Personally, I have experienced four episodes of the out-of-control mentality in my 30 year trading career. They are 1987, which resulted in the infamous crash. March of 1998, which resulted in a capitulation climax of the Long Term Capital debacle. The third was the millennium crisis and we all now know how that trap door sprung.
The fourth is now! I want to go on record that this has the same look and feel. Complacency is a cement pillar. My Cook Cumulative Tick is at the highest overbought in almost SEVEN years. The prices of many indices are diverging from normal correlations. An example being the Dow Industrials at all time highs while the NASDAQ is far from previous highs.
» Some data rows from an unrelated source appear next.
Definition lsum {T : Type} (F : T -> R) (s : seq T) : R := \big[Rplus/0]_(i <- s) F i.

Lemma lsum_nil {T : Type} (F : T -> R) : lsum F [::] = 0.
Proof. by rewrite /lsum big_nil. Qed.

Lemma lsum_cons {T : Type} (F : T -> R) i s : lsum F (i :: s) = F i + lsum F s.
Proof. by rewrite /lsum big_cons. Qed.

Lemma lsum_ge0 {T : Type} (F : T -> R) s : (forall i, 0 <= F i) -> 0 <= lsum F s.
Proof. by move=> H; elim: s => [|i s IH]; rewrite ?lsum_nil ?lsum_cons; [lra|have := H i; lra]. Qed.

Lemma lsum_uniq (T : finType) (F : T -> R) (s : seq T) :
  uniq s -> lsum F s = rsum (mem [set i | i \in s]) F.
Proof. by move=> us; rewrite /lsum /rsum big_uniq //; apply: eq_bigl => i; rewrite !inE. Qed.

Lemma lsum_perm_enum (T : finType) (F : T -> R) (s : seq T) :
  perm_eq s (enum T) -> lsum F s = rsum predT F.
Proof. by move=> ps; rewrite /lsum /rsum (perm_big _ ps) /= big_enum. Qed.

Lemma rsum_ge0 (T : finType) (A : pred T) (F : T -> R) :
  (forall i, 0 <= F i) -> 0 <= rsum A F.
Proof. by move=> H; apply: (big_ind (fun x => 0 <= x)) => //; [lra|move=> *; lra]. Qed.

Lemma rsum_subset_le (T : finType) (S : {set T}) (F : T -> R) :
  (forall i, 0 <= F i) -> rsum (mem S) F <= rsum predT F.
Proof.
move=> H; rewrite /rsum [X in _ <= X](bigID (mem S)) /= -[X in X <= _]Rplus_0_r.
apply: Rplus_le_compat; first by apply: Req_le; apply: eq_bigl.
exact: (rsum_ge0 _ (predC (mem S))).
Qed.

Lemma rsum_setT (T : finType) (F : T -> R) : rsum (mem [set: T]) F = rsum predT F.
Proof. by apply: eq_bigl => i; rewrite !inE. Qed.

Section LaidOutSums.
Variables (T : eqType) (lam : T -> R).
Hypothesis lam_ge0 : forall i, 0 <= lam i.

Fixpoint psum (g : T -> R -> R) (p : R) (s : seq T) : R :=
  if s is i :: s' then g i p + psum g (p + lam i) s' else 0.

Lemma psum_const (F : T -> R) p s : psum (fun i _ => F i) p s = lsum F s.
Proof. by elim: s p => [|i s IH] p /=; rewrite ?lsum_nil ?lsum_cons ?IH. Qed.

Lemma psum_minus g h p s :
  psum (fun i p => g i p - h i p) p s = psum g p s - psum h p s.
Proof. by elim: s p => [|i s IH] p /=; rewrite ?IH; ring. Qed.

Lemma psum_le g h p s : (forall i q, p <= q -> g i q <= h i q) -> psum g p s <= psum h p s.
Proof.
elim: s p => [|i s IH] p H /=; first lra.
have := H i p (Rle_refl _); have := IH (p + lam i) => IH'.
have := IH' (fun j q hq => H j q ltac:(have := lam_ge0 i; lra)); lra.
Qed.

Lemma psum_RInt (G : R -> R) p s :
  (forall x y, p <= x -> x <= y -> ex_RInt G x y) ->
  psum (fun i p => RInt G p (p + lam i)) p s = RInt G p (p + lsum lam s).
Proof.
elim: s p => [|i s IH] p H /=; first by rewrite lsum_nil Rplus_0_r RInt_point.
have hi := lam_ge0 i; have hs : 0 <= lsum lam s by apply: lsum_ge0.
rewrite IH => [|x y hx hy]; last by apply: H; lra.
rewrite lsum_cons -Rplus_assoc.
by have := RInt_Chasles G p (p + lam i) (p + lam i + lsum lam s); rewrite /plus /= => -> //;
  apply: H; lra.
Qed.

(* Along [s], the deficits
   [D_k = acc + (c-mass of the first k items) - C (their right end)] are
   nonpositive and the last one vanishes; if each term [X i] dominates the
   increment of [h i * D], the sum telescopes because [h] increases along the
   sorted list and [D <= 0]. *)
Lemma psum_abel_ge (key : T -> R) (c : T -> R) (C : R -> R) (h X : T -> R -> R) :
  (forall i j, key i <= key j -> forall t, 0 <= t -> h i t <= h j t) ->
  (forall i p acc, 0 <= p -> acc - C p <= 0 -> acc + c i - C (p + lam i) <= 0 ->
      X i p >= h i (p + lam i) * (acc + c i - C (p + lam i)) - h i p * (acc - C p)) ->
  forall s p acc H, 0 <= p -> sorted_by key s -> (forall i, i \in s -> H <= h i p) ->
   (forall k, acc + lsum c (take k s) <= C (p + lsum lam (take k s))) ->
   acc + lsum c s = C (p + lsum lam s) ->
   psum X p s >= - H * (acc - C p).
Proof.
move=> Hh HX; elim=> [|i s IH] p acc H hp /= Hs HH Hk Hf.
  by move: Hf; rewrite !lsum_nil !Rplus_0_r => ->; lra.
have hl := lam_ge0 i.
have h0 : acc - C p <= 0 by have := Hk O; rewrite /= !lsum_nil !Rplus_0_r; lra.
have h1 : acc + c i - C (p + lam i) <= 0.
  by have := Hk 1%nat; rewrite /= take0 !lsum_cons !lsum_nil !Rplus_0_r; lra.
case: Hs => Hs1 Hs2.
have IH' : psum X (p + lam i) s >= - h i (p + lam i) * (acc + c i - C (p + lam i)).
  apply: IH => // [|j hj|k|]; first lra.
  - by apply: Hh; [apply: Hs1|lra].
  - by have := Hk k.+1; rewrite /= !lsum_cons -!Rplus_assoc.
  - by move: Hf; rewrite !lsum_cons -!Rplus_assoc.
have := HX i p acc hp h0 h1; have := HH i (mem_head _ _); nra.
Qed.

Lemma psum_abel_ge0 (key : T -> R) (c : T -> R) (C : R -> R) (h X : T -> R -> R) s :
  (forall i j, key i <= key j -> forall t, 0 <= t -> h i t <= h j t) ->
  (forall i p acc, 0 <= p -> acc - C p <= 0 -> acc + c i - C (p + lam i) <= 0 ->
      X i p >= h i (p + lam i) * (acc + c i - C (p + lam i)) - h i p * (acc - C p)) ->
  sorted_by key s -> C 0 = 0 ->
  (forall k, lsum c (take k s) <= C (lsum lam (take k s))) ->
  lsum c s = C (lsum lam s) ->
  0 <= psum X 0 s.
Proof.
move=> Hh HX Hs C0 Hk Hf.
have [H HH] : exists H, forall i, i \in s -> H <= h i 0.
  case: s Hs {Hk Hf} => [|i0 s] /= => [_|[Hs _]]; first by exists 0.
  exists (h i0 0) => i; rewrite inE => /orP [/eqP ->|hi]; first lra.
  by apply: Hh; [apply: Hs|lra].
have : psum X 0 s >= - H * (0 - C 0).
  apply: (psum_abel_ge key c C h X Hh HX s 0 0 H (Rle_refl 0) Hs HH).
  - by move=> k; rewrite !Rplus_0_l.
  - by rewrite !Rplus_0_l.
rewrite C0; lra.
Qed.

End LaidOutSums.
Arguments psum {T} lam g p s.

Lemma RInt_split_const_mul (h D : R -> R) x y :
  ex_RInt D x y -> ex_RInt (fun t => h t * D t) x y ->
  ex_RInt (fun t => (h t - h x) * D t) x y /\
  RInt (fun t => h t * D t) x y = h x * RInt D x y + RInt (fun t => (h t - h x) * D t) x y.
Proof.
move=> hD hhD.
have E t : (h t - h x) * D t = minus (h t * D t) (scal (h x) (D t)).
  by rewrite /minus /plus /opp /scal /= /mult /=; ring.
have ex1 : ex_RInt (fun t => minus (h t * D t) (scal (h x) (D t))) x y.
  by apply: ex_RInt_minus => //; apply: ex_RInt_scal.
split.
  by apply: (ex_RInt_ext (fun t => minus (h t * D t) (scal (h x) (D t)))) => // t _; rewrite E.
rewrite (RInt_ext (fun t => (h t - h x) * D t) (fun t => minus (h t * D t) (scal (h x) (D t))));
  last by move=> t _; rewrite E.
rewrite RInt_minus //; last exact: ex_RInt_scal.
by rewrite RInt_scal // /minus /plus /opp /scal /= /mult /=; lra.
Qed.

Lemma RInt_mul_monotone_step (h D : R -> R) x y Phix M :
  x <= y ->
  (forall s t, x <= s -> s <= t -> t <= y -> h s <= h t) ->
  (forall t, x <= t <= y -> Rabs (D t) <= M) ->
  ex_RInt D x y -> ex_RInt (fun t => h t * D t) x y ->
  Phix + RInt D x y <= 0 ->
  RInt (fun t => h t * D t) x y >=
    h y * (Phix + RInt D x y) - h x * Phix - (h y - h x) * M * (y - x).
Proof.
move=> hxy Hm HM hD hhD hPhi.
have [exr ->] := RInt_split_const_mul h D x y hD hhD.
have hxy' := Hm x y (Rle_refl x) hxy (Rle_refl y).
have Err : Rabs (RInt (fun t => (h t - h x) * D t) x y) <= (y - x) * ((h y - h x) * M).
  apply: (norm_RInt_le_const (fun t => (h t - h x) * D t) x y) => // [t ht|].
    2: exact: RInt_correct.
  rewrite /norm /= /abs /= Rabs_mult Rabs_pos_eq; last by have := Hm x t; lra.
  apply: Rmult_le_compat; try apply: Rabs_pos; first by have := Hm x t; lra.
  - by apply: Rplus_le_compat_r; apply: Hm; lra.
  - by apply: HM.
have [Err1 _] := proj1 (Rabs_le_between _ _) Err.
nra.
Qed.

Lemma RInt_mul_monotone_approx (h D : R -> R) p q Phip M (n : nat) :
  p <= q ->
  (forall s t, p <= s -> s <= t -> t <= q -> h s <= h t) ->
  (forall t, p <= t <= q -> Rabs (D t) <= M) ->
  (forall x y, p <= x -> x <= y -> y <= q -> ex_RInt D x y) ->
  (forall x y, p <= x -> x <= y -> y <= q -> ex_RInt (fun t => h t * D t) x y) ->
  (forall t, p <= t <= q -> Phip + RInt D p t <= 0) ->
  RInt (fun t => h t * D t) p q >=
    h q * (Phip + RInt D p q) - h p * Phip - (h q - h p) * M * ((q - p) / INR n.+1).
Proof.
move=> hpq Hm HM HD HhD HPhi.
pose S t := RInt (fun t => h t * D t) p t; pose Phi t := Phip + RInt D p t.
pose dl := (q - p) / INR n.+1.
have N0 : 0 < INR n.+1 by apply: lt_0_INR; apply/ltP.
have Ndl : INR n.+1 * dl = q - p by rewrite /dl; field; lra.
have dl0 : 0 <= dl by apply: Rmult_le_pos; [lra|left; apply: Rinv_0_lt_compat].
have grid k : (k <= n.+1)%nat -> p <= p + INR k * dl <= q.
  move=> hk; have : INR k <= INR n.+1 by apply: le_INR; apply/leP.
  have := pos_INR k; nra.
suff claim k : (k <= n.+1)%nat -> S (p + INR k * dl) - h (p + INR k * dl) * Phi (p + INR k * dl)
    >= - h p * Phip - (h (p + INR k * dl) - h p) * M * dl.
  by have := claim n.+1 (leqnn _); rewrite Ndl Rplus_minus /S /Phi -/dl; lra.
elim: k => [|k IH] hk; first by rewrite /S /Phi Rmult_0_l Rplus_0_r !RInt_point /zero /=; lra.
have hk1 : (k <= n.+1)%nat by apply: leq_trans hk.
have [hx1 hx2] := grid k hk1; have := grid k.+1 hk; rewrite S_INR.
have -> : p + (INR k + 1) * dl = p + INR k * dl + dl by ring.
move: (p + INR k * dl) (IH hk1) hx1 hx2 => x IH' hx1 hx2 [hy1 hy2].
have ex_hD : ex_RInt (fun t => h t * D t) x (x + dl) by apply: HhD; lra.
have ex_D : ex_RInt D x (x + dl) by apply: HD; lra.
have ES : S (x + dl) = S x + RInt (fun t => h t * D t) x (x + dl).
  by rewrite /S -(RInt_Chasles _ p x) //; apply: HhD; lra.
have EPhi : Phi (x + dl) = Phi x + RInt D x (x + dl).
  by rewrite /Phi -(RInt_Chasles _ p x) // /plus /=; [ring|apply: HD; lra].
have Hstep := RInt_mul_monotone_step h D x (x + dl) (Phi x) M ltac:(lra)
  (fun s t hs hst ht => Hm s t ltac:(lra) hst ltac:(lra)) (fun t ht => HM t ltac:(lra))
  ex_D ex_hD ltac:(rewrite -EPhi; apply: HPhi; lra).
have := Hm p x ltac:(lra) hx1 hx2.
rewrite ES EPhi; rewrite (_ : x + dl - x = dl) in Hstep; last ring.
lra.
Qed.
A parallel that has me most attuned is the fact of a tight correlation between now and 1987. That correlation is that a new Federal Reserve chief, a chap named Alan Greenspan was the oarsman navigating the economy ship to a new all-time Dow high hit in August of 1987. Less than two months later a big OOPS! That oops was attributed to a new Fed chief of less than one year's tenure creating the break. Hmmm! 2006 has a new Fed chief, a chap named Ben Bernanke as a new oarsman with a glass bottom boat (for transparency) navigating the economy ship to a new all-time high in the Dow Industrials. Is an oops coming?
The period spanning the August 1987 peak was almost 800 trading days without a 10% Dow Industrials correction. The result was a 36% correction or blood letting. The 2006 current tenure is over 900 trading days without a 10% correction. Well, if 1987 was -36% at 800 days and we currently exceed that by over 100 days, shouldn't prudent rational investors be a tad nervous? Don't worry, we all know that a Fed ship with a glass bottom for transparency will see the rocks coming before it sinks the ship. Forgive me but I think an unsinkable ship thought that also: The TITANIC.
You can just call me Lone Bear Cook but I think Noah built a ship that didn't have a transparent floor. Think about it!